FAQs on Post Office Saving Schemes

  • Is it possible to transfer Monthly Income Scheme (MIS) interest to a Recurring Deposit (RD) account?

    No, there is no provision for direct transfer of MIS interest to an RD account. However, the MIS interest amount can be credited to a Savings (SB) account, and you can set up a Standing Instruction to transfer funds from the SB account to the RD account. To initiate this process, you need to submit a prescribed application form to your respective Post Office. 

  • How can I receive the maturity payment for my Post Office account?

    The mode of receiving maturity payment depends on the amount. For amounts below Rs.20,000, you can receive the payment in cash. For amounts of Rs.20,000 or more, you can choose to receive an Account Payee Cheque or have it transferred to your PO Savings Account. 

  • Why is nomination mandatory when opening a Post Office account?

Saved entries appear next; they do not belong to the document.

(** MmS_v <= v(M)/n, since the minimum of the [n] bundle values is at most
    their average; so a partition into [n] bundles of equal value determines
    the MmS value.  Each agent has a partition of the twelve items into three
    bundles of four items with O-entries summing to 55 and E^i-entries to 0;
    it is equitable for u_i, w_i and their negatives, so every MmS value is
    4055000 or -4055000.  Handing out the bundles of
    [[2,1,2,0],[1,0,2,1],[0,1,0,2]] gives each agent B- and O-value exactly
    4055000 and a non-negative E^i-value, which suits both I and -J.  For -I
    and J, a search through the 3^12 assignments shows that some agent always
    falls short; a branch is cut as soon as an agent can no longer reach her
    MmS value even with every remaining item she values positively. *)

From Pilot Require Import Defs.
From Stdlib Require Import ZArith.
From HB Require Import structures.
From mathcomp Require Import all_boot all_order all_algebra ssrZ.
Set Implicit Arguments. Unset Strict Implicit. Unset Printing Implicit Defensive.
Import Order.TTheory GRing.Theory Num.Theory.
Local Open Scope ring_scope.

(* [all_algebra] exports another [addv], the sum of vector subspaces. *)
Local Notation addv := Defs.addv.

Section Partitions.
Variables (M : finType) (N : nat).
Implicit Types (f : M -> 'I_N.+1) (P : {ffun 'I_N.+1 -> {set M}}) (v : M -> int).

Definition partition_of f : {ffun 'I_N.+1 -> {set M}} :=
  [ffun j => [set x | f x == j]].

Lemma partition_ofE f j x : (x \in partition_of f j) = (f x == j).
Proof. by rewrite ffunE inE. Qed.

Lemma is_partition_of f : is_partition (partition_of f).
Proof.
apply/andP; split.
  apply/forallP => i; apply/forallP => j; apply/implyP => neq_ij.
  apply/pred0P => x /=; rewrite !partition_ofE.
  by apply/negbTE; apply: contra neq_ij => /andP[/eqP <- /eqP <-].
apply/eqP/setP => x; rewrite inE; apply/bigcupP.
by exists (f x); rewrite ?partition_ofE.
Qed.

Definition owner P x : 'I_N.+1 := odflt ord0 [pick j | x \in P j].

Lemma partition_of_owner P : is_partition P -> partition_of (owner P) = P.
Proof.
case/andP => /forallP disjP /eqP coverP.
apply/ffunP => j; apply/setP => x; rewrite partition_ofE /owner.
case: pickP => [k x_k | none] /=; last first.
  have : x \in \bigcup_(j < N.+1) P j by rewrite coverP inE.
  by case/bigcupP => k _; rewrite none.
apply/eqP/idP => [<- // | x_j]; apply/eqP/negPn/negP => neq_kj.
by have /implyP/(_ neq_kj)/pred0P/(_ x) := forallP (disjP k) j; rewrite /= x_k x_j.
Qed.

Lemma addv_partition_of v f j :
  addv v (partition_of f j) = \sum_(x | f x == j) v x.
Proof. by apply: eq_bigl => x; rewrite partition_ofE. Qed.

Lemma sum_addv_partition v P :
  is_partition P -> \sum_j addv v (P j) = addv v setT.
Proof.
move/partition_of_owner <-; rewrite /addv (partition_big (owner P) xpredT) //.
by apply: eq_bigr => j _; apply: eq_bigl => x; rewrite partition_ofE inE.
Qed.

Lemma minpart_le_addv v P j : minpart v P <= addv v (P j).
Proof. exact: bigmin_le. Qed.

Lemma le_minpart v P m : (forall j, m <= addv v (P j)) -> m <= minpart v P.
Proof. by move=> le_m; apply: le_bigmin. Qed.

Lemma minpart_le_MmS v P : is_partition P -> minpart v P <= MmS N v.
Proof. exact: le_bigmax_cond. Qed.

    Nomination is mandatory to determine who will receive the account proceeds in case of the account holder's demise. It helps ensure a smooth transfer of funds to the intended individuals. 

  • Is Netbanking/Mobile Banking offered for Post Office Savings Accounts?

    Yes, Intra Operable Netbanking/Mobile Banking is available for Post Office Savings Account holders at CBS Post Offices, functioning within the POSB (DoP) network. To activate these services, customers need to submit a request form at their respective Post Office, and upon enabling the service, they will receive an activation code on their mobile within 48 hours for further usage. 

  • What is the process for transferring PPF/SSA/SCSS accounts between a Bank and a Post Office?

    To transfer these accounts between a Bank and a Post Office, submit the prescribed application form along with your passbook at the concerned Post Office. A fee of Rs.100 plus GST is applicable. 

  • How can I change the nomination for my Post Office account?

    You can change the nomination by submitting the prescribed application form at the relevant Post Office. There is a fee of Rs.50 plus GST associated with this service. 

  • Can I transfer my Post Office account to another CBS Post Office?

    Yes, you can transfer your Post Office account to another CBS (Core Banking Solutions) Post Office. It offers flexibility, especially if you relocate or need to manage multiple accounts. 

  • Is the interest earned from a 5-year Post Office Fixed Deposit tax-exempt?

    You can avail of income tax deductions under Section 80C of the Indian Income Tax Act, 1961, only for the deposit made in the 5-year fixed deposit account. If the interest earned on the FD account surpasses Rs.40,000 per financial year for regular customers, the Post Office may withhold taxes at the source. 

  • What is a Silent account, and how can it be reactivated?

    A Silent account is one in which no deposit or withdrawal activity has occurred for three consecutive Financial Years, and it is classified as a silent account. To reactivate it, the account holder needs to submit an application along with KYC documents. The respective Head Office (HO) will then undertake the reactivation process. 

  • What are the penalties for late payments on recurring deposits?

    For recurring deposit accounts, monthly deposits for accounts opened between the 1st and 15th of the month should be credited by the 15th of each month, while accounts opened between the 16th and the end of the month should have their monthly deposits credited by the last day of the month. Failure to credit the monthly instalment for a specific month will be counted as a default. Defaulted months can be credited subsequently, with a revival fee of Re. 1 for each defaulted month. A maximum of four defaults is allowed. 

  • How can I claim payment for a deceased account or certificate holder?

    You can claim payment through nomination by submitting a nomination claim form with the Death Certificate and KYC documents. Alternatively, if you have legal evidence, submit the Claim Form, legal evidence, Death Certificate, and KYC documents. For cases without nomination (up to 5 Lakh), submit the claim form, Death Certificate, Annexure-I, Annexure-II, Annexure III, and relevant KYC documents.